The research team conducted a study to understand how mice responded to a mix of both well-known and new sensory stimuli. The experiment’s stimuli were different pitches of sounds played.
After examining the auditory cortex of mice, which controls sound, groups of neurons responded to both how novel the sound was and the amount of time it was played.
Intriguingly, they found that each sound left a trail of neuronal activity, which they refer to as an “echo”, which tracked sensory inputs over time, and formed short-term memories of recent inputs.
These activity echoes not only ensured that each incoming stimulus produced a distinct response, but they also helped to select newly created stimuli, which helped to make those responses much more powerful.
The team created a neural network model of the auditory cortex to improve its ability to recognize fresh stimuli in order to further understand these findings. It replicated what that they had seen in mice, showing that networks of neurons also used activity “echoes” to store a model of the environment, and used it to detect change. They came to the conclusion that novelty detection is an automatic emergent characteristic of the network because of the way the cortex is wired, with loops of connected neurons.
” This is a leap forward in understanding how the brain does such a good job of detecting novelty”, said Yuste, noting that the model that Shymkiv created builds on the ideas of John Hopfield, who , won the Nobel Prize , last year for building neural network models and pioneering artificial intelligence.
Additionally, the study provides fresh information about the primary function of the cerebral cortex in schizophrenia.
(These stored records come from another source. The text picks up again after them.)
Lemma grid_cell_disj F F' : F != F' -> grid_cell F `&` grid_cell F' = set0.
Proof.
move=> neq_FF'; rewrite -subset0 => x [in_F in_F'].
move: neq_FF' => /eqP; apply; apply/ffunP => r; apply: val_inj.
have := in_F r; have := in_F' r; rewrite !mxE => in_F'r in_Fr.
exact: grid_interval_uniq (grid_step_gt0 r) in_Fr in_F'r.
Qed.

End Grid.

Lemma grid_step_lt (R : realType) d (lo hi : 'I_d -> R) (B eta : R) r :
  0 < eta -> hi r - lo r <= B -> grid_step lo hi (Num.truncn (B / eta)).+1 r < eta.
Proof.
move=> eta_gt0 le_B; rewrite ltr_pdivrMr ?ltr0n // -ltr_pdivrMl // mulrC.
by apply: le_lt_trans (truncnS_gt _); rewrite ler_pM2r ?invr_gt0.
Qed.

Lemma weakly_transversal_pivot_grid (R : realType) d k N (lo hi : 'I_k -> 'I_d -> R)
    (F : 'I_k -> {ffun 'I_d -> 'I_N}) (eta : R) (j : 'I_k) :
  (forall l r, grid_step (lo l) (hi l) N r < eta) ->
  (exists2 i : 'I_k.-1 -> 'I_d, injective i & forall s, eta <=
    `|grid_corner (lo (lift j s)) (hi (lift j s)) (F (lift j s)) ord0 (i s)
      - grid_corner (lo j) (hi j) (F j) ord0 (i s)|) ->
  weakly_transversal_pivot (fun l => grid_cell (lo l) (hi l) (F l)) j.
Proof.
move=> step_lt [i i_inj eta_le].
exists i, (lift j); split; [exact: i_inj | split; [exact: lift_inj | split]].
  by move=> s; rewrite eq_sym neq_lift.
move=> s; rewrite -subset0 => y [].
move=> /closure_proj_box/andP[y_ge_j y_le_j] /closure_proj_box/andP[y_ge_s y_le_s].
have := eta_le s; rewrite ler_normr.
have := step_lt j (i s); have := step_lt (lift j s) (i s).
set xj := grid_corner _ _ (F j) _ _ in y_ge_j y_le_j *.
set xs := grid_corner _ _ (F (lift j s)) _ _ in y_ge_s y_le_s *.
by move=> ? ? /orP[]; lra.
Qed.

Theorem claim3p4 (R : realType) (d k : nat) (Q : 'I_k -> set 'rV[R]_d) :
  (2 <= k)%N -> (k <= d.+1)%N ->
  (forall l, is_cube (Q l)) -> transversal_cubes Q ->
  exists (n : 'I_k -> nat) (sub : forall l : 'I_k, 'I_(n l) -> set 'rV[R]_d),
    (forall l i, is_cube (sub l i)) /\
    (forall l, Q l = \bigcup_(i in [set: 'I_(n l)]) sub l i) /\
    (forall l (i i' : 'I_(n l)), i != i' -> sub l i `&` sub l i' = set0) /\
    (forall c : forall l : 'I_k, 'I_(n l),
        weakly_transversal (fun l => sub l (c l))).
Proof.
move=> _ _ cubeQ [c c_gt0 transQ].
have /fin_all_exists[lo /fin_all_exists[hi Q_box]] :
    forall l, exists lo hi, (forall r, lo r < hi r) /\ Q l = box lo hi := cubeQ.
have [B B_ge0 le_B] :=
  exists_nonneg_ub (fun lr : 'I_k * 'I_d => `|lo lr.1 lr.2| + `|hi lr.1 lr.2|).
have [eta eta_gt0 separated] := transversal_points_separated d k c_gt0 B_ge0.
pose N := (Num.truncn (B / eta)).+1; have N_gt0 : (0 < N)%N by [].
have step_lt_eta l r : grid_step (lo l) (hi l) N r < eta.
  apply: grid_step_lt => //; have := le_B (l, r).
  by have := ler_norm (hi l r); have := ler_norm (- lo l r); rewrite normrN /=; lra.
have Q_cells l : Q l = \bigcup_(F in [set: {ffun 'I_d -> 'I_N}]) grid_cell (lo l) (hi l) F.
  by rewrite (Q_box l).2 (bigcup_grid_cell (Q_box l).1 N_gt0).
pose cell l (i : 'I_#|{ffun 'I_d -> 'I_N}|) := grid_cell (lo l) (hi l) (enum_val i).
exists (fun _ => #|{ffun 'I_d -> 'I_N}|), cell; split; [|split; [|split]].
- by move=> l i; exact: is_cube_grid_cell (Q_box l).1 N_gt0 _.
- by move=> l; rewrite bigcup_enum_val Q_cells.
- move=> l i i' neq_ii'; apply: grid_cell_disj (Q_box l).1 N_gt0 _ _ _.
  by rewrite (inj_eq enum_val_inj).
move=> sel j; pose xi l := grid_corner (lo l) (hi l) (enum_val (sel l)).
have Q_xi l : Q l (xi l).
  rewrite Q_cells; exists (enum_val (sel l)) => //.
  exact: grid_corner_in_cell (Q_box l).1 N_gt0 _.
apply: (weakly_transversal_pivot_grid (F := fun l => enum_val (sel l)) step_lt_eta).
apply: (separated xi).
  by move=> l r; apply: le_trans (box_norm_le r _) (le_B (l, r)); rewrite -(Q_box l).2.
by apply: transQ => l; exists (xi l); [exact: Q_xi | exact: unit_normal_at_unit_normal].
Qed.
(* Identify $\mathrm{SO}(2)$ with $\mathbb{C}_1=\{z\in\mathbb{C}:|z|=1\}$, let $n$ be even, let $G([n],E)$ be the complete graph, and let $\boldsymbol{z}^\star\in\mathbb{C}_1^n$ be the ground truth. Then there exist a choice of bad edges $E_b\subset E$ such that every node $j$ is incident to exactly one edge of $E_b$, a choice of corrupted measurements $z_{jk}\in\mathbb{C}_1$ for $jk\in E_b$ (with $z_{jk}=z_j^\star\overline{z_k^\star}$ for $jk\in E\setminus E_b$), and a point $\hat{\boldsymbol{z}}\in\mathbb{C}_1^n$ with $0<\delta(\hat{\boldsymbol{z}})<\pi$ that is a fixed point of GD-$L_1$-MRA, i.e. $\partial_vF_\angle^j(\hat z_j;\hat{\boldsymbol{z}})\ge 0$ for all $j\in[n]$ and $v\in\{\pm1\}$.
   Context: $d_\angle(z_1,z_2)=|\arg(z_1\overline{z_2})|$ with $\arg\in(-\pi,\pi]$; $\delta(\boldsymbol{z})=\max_{jk\in E}d_\angle(\overline{z_j^\star}z_j,\overline{z_k^\star}z_k)$. Coordinate energy: $F_\angle^j(y;\boldsymbol{z})=\sum_{k\in[n]\setminus\{j\}}d_\angle(y,z_{jk}z_k)$; for $v\in\{\pm1\}$, $\partial_vF_\angle^j(y;\boldsymbol{z})=\lim_{h\to0^+}(F_\angle^j(e^{ivh}y;\boldsymbol{z})-F_\angle^j(y;\boldsymbol{z}))/h$. GD-$L_1$-MRA cyclically updates one coordinate $j$ at a time: if some $v\in\{\pm1\}$ has $\partial_vF_\angle^j(z_j;\boldsymbol{z})<0$, it moves $z_j$ along $s\mapsto e^{ivs}z_j$ to the first point of $\{\pm z_{jk}z_k\}$ at which $\partial_vF_\angle^j\ge0$; otherwise $z_j$ is left unchanged. Hence its fixed points are exactly the $\boldsymbol{z}$ with $\partial_vF_\angle^j(z_j;\boldsymbol{z})\ge0$ for all $j$ and $v\in\{\pm1\}$. *)

From Stdlib Require Import Reals List Arith.
From Coquelicot Require Import Coquelicot.
Open Scope R_scope.

Definition Carg (z : C) : R :=
  if Rle_dec 0 (Im z) then acos (Re z / Cmod z)
  else - acos (Re z / Cmod z).

Definition d_ang (z1 z2 : C) : R := Rabs (Carg (Cmult z1 (Cconj z2))).

Definition cexpi (t : R) : C := (cos t, sin t).

Definition sumR (l : list nat) (f : nat -> R) : R :=
  fold_right (fun k acc => f k + acc) 0 l.

Definition Fang (n : nat) (zm : nat -> nat -> C) (z : nat -> C) (j : nat) (y : C) : R :=
  sumR (filter (fun k => negb (Nat.eqb k j)) (seq 0 n))
       (fun k => d_ang y (Cmult (zm j k) (z k))).

Definition dirderiv_is (n : nat) (zm : nat -> nat -> C) (z : nat -> C) (j : nat)
  (v : R) (y : C) (l : R) : Prop :=
  filterlim (fun h => (Fang n zm z j (Cmult (cexpi (v * h)) y) - Fang n zm z j y) / h)
            (at_right 0) (locally l).

Definition edges (n : nat) : list (nat * nat) :=
  flat_map (fun j => map (fun k => (j, k)) (seq (S j) (n - S j))) (seq 0 n).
Clinicians have been aware for a long time that those who suffer from schizophrenia are unable to tell new information from outdated information.
Scientists attempted to explain those findings by interpreting the behavior of individual neurons, but they ran into difficulties. One of the key findings of this paper is the finding that novelty detection isn’t the product of single neurons but rather of neural networks.
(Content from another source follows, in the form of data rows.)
Lemma integral_TI_le f t : (0 < t < 1)%R ->
  \int[mu]_(u in `]0%R, t[) TI I f u <=
  (C * I t)%:E * tail_sup f t + (8 * C)%:E * \int[mu]_(u in `]0%R, t[) rearr f u.
Proof.
move=> t01; have /andP[t0 t1] := t01.
have sub : `]0%R, t[ `<=` `]0%R, 1%R[ by apply: subset_itvl; rewrite bnd_simp ltW.
have mIquot : measurable_fun `]0%R, t[ Iquot by exact: measurable_Iquot.
have Iquot_nneg u : `]0%R, t[%classic u -> 0 <= Iquot u by move=> /sub; exact: Iquot_ge0.
have piece_ge0 j u : `]0%R, t[%classic u -> 0 <= dyadic_piece f t j u.
  by move=> /sub; exact: dyadic_piece_ge0.
have mpiece j : measurable_fun `]0%R, t[ (dyadic_piece f t j).
  apply: emeasurable_funM; first exact: measurable_cst.
  apply/measurable_restrict => //; apply: measurable_Iquot; first exact: measurableI.
  by move=> x [/sub].
have m1 : measurable_fun `]0%R, t[ (fun u => Iquot u * tail_sup f t).
  exact: emeasurable_funM mIquot (measurable_cst _).
have msum : measurable_fun `]0%R, t[ (fun u => \sum_(j <oo) dyadic_piece f t j u).
  by apply: ge0_emeasurable_sum => [j u Du _|j _]; [exact: piece_ge0 | exact: mpiece].
apply: (@le_trans _ _ (\int[mu]_(u in `]0%R, t[)
    (Iquot u * tail_sup f t + \sum_(j <oo) dyadic_piece f t j u))).
  apply: ge0_le_integral => //.
  - by move=> u /sub; exact: TI_ge0.
  - exact: measurable_TI.
  - exact: emeasurable_funD.
  - by move=> u /sub; exact: TI_le_dyadic.
rewrite ge0_integralD //; first last.
- by move=> u Du; apply: nneseries_ge0 => j _ _; exact: piece_ge0.
- by move=> u Du; rewrite mule_ge0 ?Iquot_nneg ?tail_sup_ge0.
rewrite ge0_integralZr ?tail_sup_ge0 // integral_nneseries //.
apply: leeD.
  by apply: lee_wpmul2r; [exact: tail_sup_ge0 | exact: integral_I_div].
apply: (@le_trans _ _ (\sum_(j <oo) ((8 * C)%:E *
    \int[mu]_(u in `[dyadic t j.+2, dyadic t j.+1[) rearr f u))).
  apply: lee_nneseries => [j _ _|j _].
    by apply: integral_ge0 => u; exact: piece_ge0.
  exact: le_trans (integral_dyadic_piece f j t01) (dyadic_term_le_integral f j t01).
rewrite nneseriesZl; last by move=> j _; apply: integral_ge0 => u _; exact: rearr_ge0.
by apply: lee_wpmul2l; [rewrite lee_fin mulr_ge0 | exact: sum_integral_dyadic_blocks].
Qed.

Lemma tail_sup_le_maxfun f t : (0 < t < 1)%R ->
  tail_sup f t <= 2%:E * tail_sup (maxfun f) t.
Proof.
move=> /andP[t0 _]; apply: ge_ereal_sup => _ [s /= + <-].
rewrite in_itv /= => /andP[ts s1]; have s0 := lt_le_trans t0 ts.
have s01 : (0 < s < 1)%R by rewrite s0 s1.
have w0 : 0 <= (s / I s)%:E by rewrite lee_fin divr_ge0 // ltW // I_gt0.
apply: le_trans (lee_wpmul2l w0 (le_trans (rearr_le_maxfun f s0)
  (maxfun_le_rearr_maxfun f s01))) _.
rewrite muleCA; apply: lee_wpmul2l => //; apply: ereal_sup_ubound.
by exists s => //=; rewrite in_itv /= ts s1.
Qed.

Lemma maxfun_le_TI_maxfun f t : (0 < t < 1)%R -> maxfun f t <= 2%:E * TI I (maxfun f) t.
Proof.
move=> t01; have /andP[t0 t1] := t01; have It0 := I_gt0 t01.
apply: le_trans (maxfun_le_rearr_maxfun f t01) _; apply: lee_wpmul2l => //.
rewrite TIE /Iquot -[leLHS]mul1e -(@divff _ (I t / t)) ?gt_eqF ?divr_gt0 //.
rewrite EFinM -muleA; apply: lee_wpmul2l; first by rewrite lee_fin divr_ge0 // ltW.
apply: ereal_sup_ubound; exists t; first by rewrite /= in_itv /= lexx t1.
by rewrite invf_div.
Qed.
We’re very excited that these findings will help us understand this crucial area of the brain and provide valuable insight into situations where those functions malfunction and how to fix them, Yuste said.
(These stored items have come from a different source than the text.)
Lemma chain_from_partial_fraction z L R :
  injective alpha -> uniq (L ++ R) -> z \notin map alpha (L ++ R) -> L ++ R != [::] ->
  (chain_from z L * chain_from z R)^-1 =
    (if L is l :: _ then (chain_from z L * chain_from (alpha l) R)^-1 else 0) +
    (if R is r :: _ then (chain_from (alpha r) L * chain_from z R)^-1 else 0).
Proof.
move=> alpha_inj; case: L R => [|l L] [|r R] //= LR_uniq zLR _; rewrite ?addr0 ?add0r //.
have zl : z - alpha l != 0 by rewrite subr_eq0; apply: contraNneq zLR => ->; rewrite mem_head.
have zr : z - alpha r != 0.
  rewrite subr_eq0; apply: contraNneq zLR => ->.
  by rewrite inE map_f ?orbT // mem_cat mem_head orbT.
move: LR_uniq; rewrite mem_cat inE cat_uniq /= !negb_or.
move=> /andP[/and3P[lL lr _] /and3P[L_uniq _ /andP[rR R_uniq]]].
have cl : chain_from (alpha l) L != 0 by rewrite chain_from_neq0 ?(mem_map alpha_inj).
have cr : chain_from (alpha r) R != 0 by rewrite chain_from_neq0 ?(mem_map alpha_inj).
have alr : alpha l - alpha r != 0 by rewrite subr_eq0 (inj_eq alpha_inj).
have arl : alpha r - alpha l != 0 by rewrite subr_eq0 (inj_eq alpha_inj) eq_sym.
by field; rewrite cl cr zl zr alr arl.
Qed.

End Chains.

Section Identity.
Variables (F : fieldType) (T : eqType) (e : F -> F).
Hypothesis eD : {morph e : u v / u + v >-> u * v}.
Hypothesis e_neq0 : forall u, e u != 0.
Variables (a x alpha : T -> F).
Hypothesis alpha_inj : injective alpha.
Implicit Types (p q z : F) (c : T) (s L R : seq T).

Definition zeta_of (y : F) : F := e (y / 2) - e (- (y / 2)).

Fixpoint zeta_prod p q s : F :=
  if s is c :: s' then zeta_of (p * x c - a c * q) * zeta_prod (p + a c) (q + x c) s' else 1.

Definition split_term p q z (LR : seq T * seq T) : F :=
  e (energy_at a x p q LR.1 LR.2) /
  ((-1) ^+ size LR.1 * chain_from alpha z LR.1 * chain_from alpha z LR.2).

Lemma split_term_peell p q z l L R :
  - e (- wedge p q (a l) (x l)) / (z - alpha l) * split_term (p + a l) (q + x l) (alpha l) (L, R) =
  e (energy_at a x p q (l :: L) R) /
    ((-1) ^+ size (l :: L) * chain_from alpha z (l :: L) * chain_from alpha (alpha l) R).
Proof.
by rewrite /split_term energy_at_consl eD /= exprS !invfM invrN1; ring.
Qed.

Lemma split_term_peelr p q z L r R :
  e (wedge p q (a r) (x r)) / (z - alpha r) * split_term (p + a r) (q + x r) (alpha r) (L, R) =
  e (energy_at a x p q L (r :: R)) /
    ((-1) ^+ size L * chain_from alpha (alpha r) L * chain_from alpha z (r :: R)).
Proof. by rewrite /split_term energy_at_consr eD /= !invfM; ring. Qed.

Lemma split_term_split p q z L R :
  uniq (L ++ R) -> z \notin map alpha (L ++ R) -> L ++ R != [::] ->
  split_term p q z (L, R) =
    (if L is l :: L' then
       - e (- wedge p q (a l) (x l)) / (z - alpha l) *
         split_term (p + a l) (q + x l) (alpha l) (L', R)
     else 0) +
    (if R is r :: R' then
       e (wedge p q (a r) (x r)) / (z - alpha r) *
         split_term (p + a r) (q + x r) (alpha r) (L, R')
     else 0).
Proof.
move=> LR_uniq zLR LR_nil.
have -> : split_term p q z (L, R) = e (energy_at a x p q L R) / (-1) ^+ size L *
    (chain_from alpha z L * chain_from alpha z R)^-1.
  by rewrite /split_term -mulrA invfM mulrA.
rewrite chain_from_partial_fraction // mulrDr.
by case: L {LR_uniq zLR LR_nil} => [|l L]; case: R => [|r R];
  rewrite ?split_term_peell ?split_term_peelr ?mulr0 /= -?mulrA ?invfM.
Qed.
About this news about neuroscience research
Author: Christopher Shea
Source: Columbia University
Contact: Christopher Shea – Columbia University
Image: The image is credited to Neuroscience News
Original Research: Open access.
By Yuriy Shymkiv and al.,” Slow cortical dynamics generate context processing and novelty detection.” Neuron
Abstract
Temporal cortical dynamics lead to novelty detection and context processing.
The cortex amplifies responses to novel stimuli while reducing previously used ones. It is also altered by schizophrenia to effectively process sensory information and create predictive models of the environment.
We used an auditory “oddball” paradigm and two-photon calcium imaging to measure responses to simple and complex stimuli across the auditory cortex of mice to investigate the circuit mechanisms underlying novelty detection. Statistics and complexity from stimulus generated specific responses across auditory thresholds.
Neuronal ensembles consistently encoded temporal and auditory characteristics. Interestingly, stimulus-evoked population responses were particularly long lasting, reflecting stimulus history and affecting future responses.
These slow cortical dynamics created stronger responses to novel stimuli and encoded stimulus temporal context.
Slow network dynamics and biological data were captured by repeating neural network models trained on the oddball task.
We come to the conclusion that processing and novelty detection are influenced by the slow dynamics of recurrent cortical networks.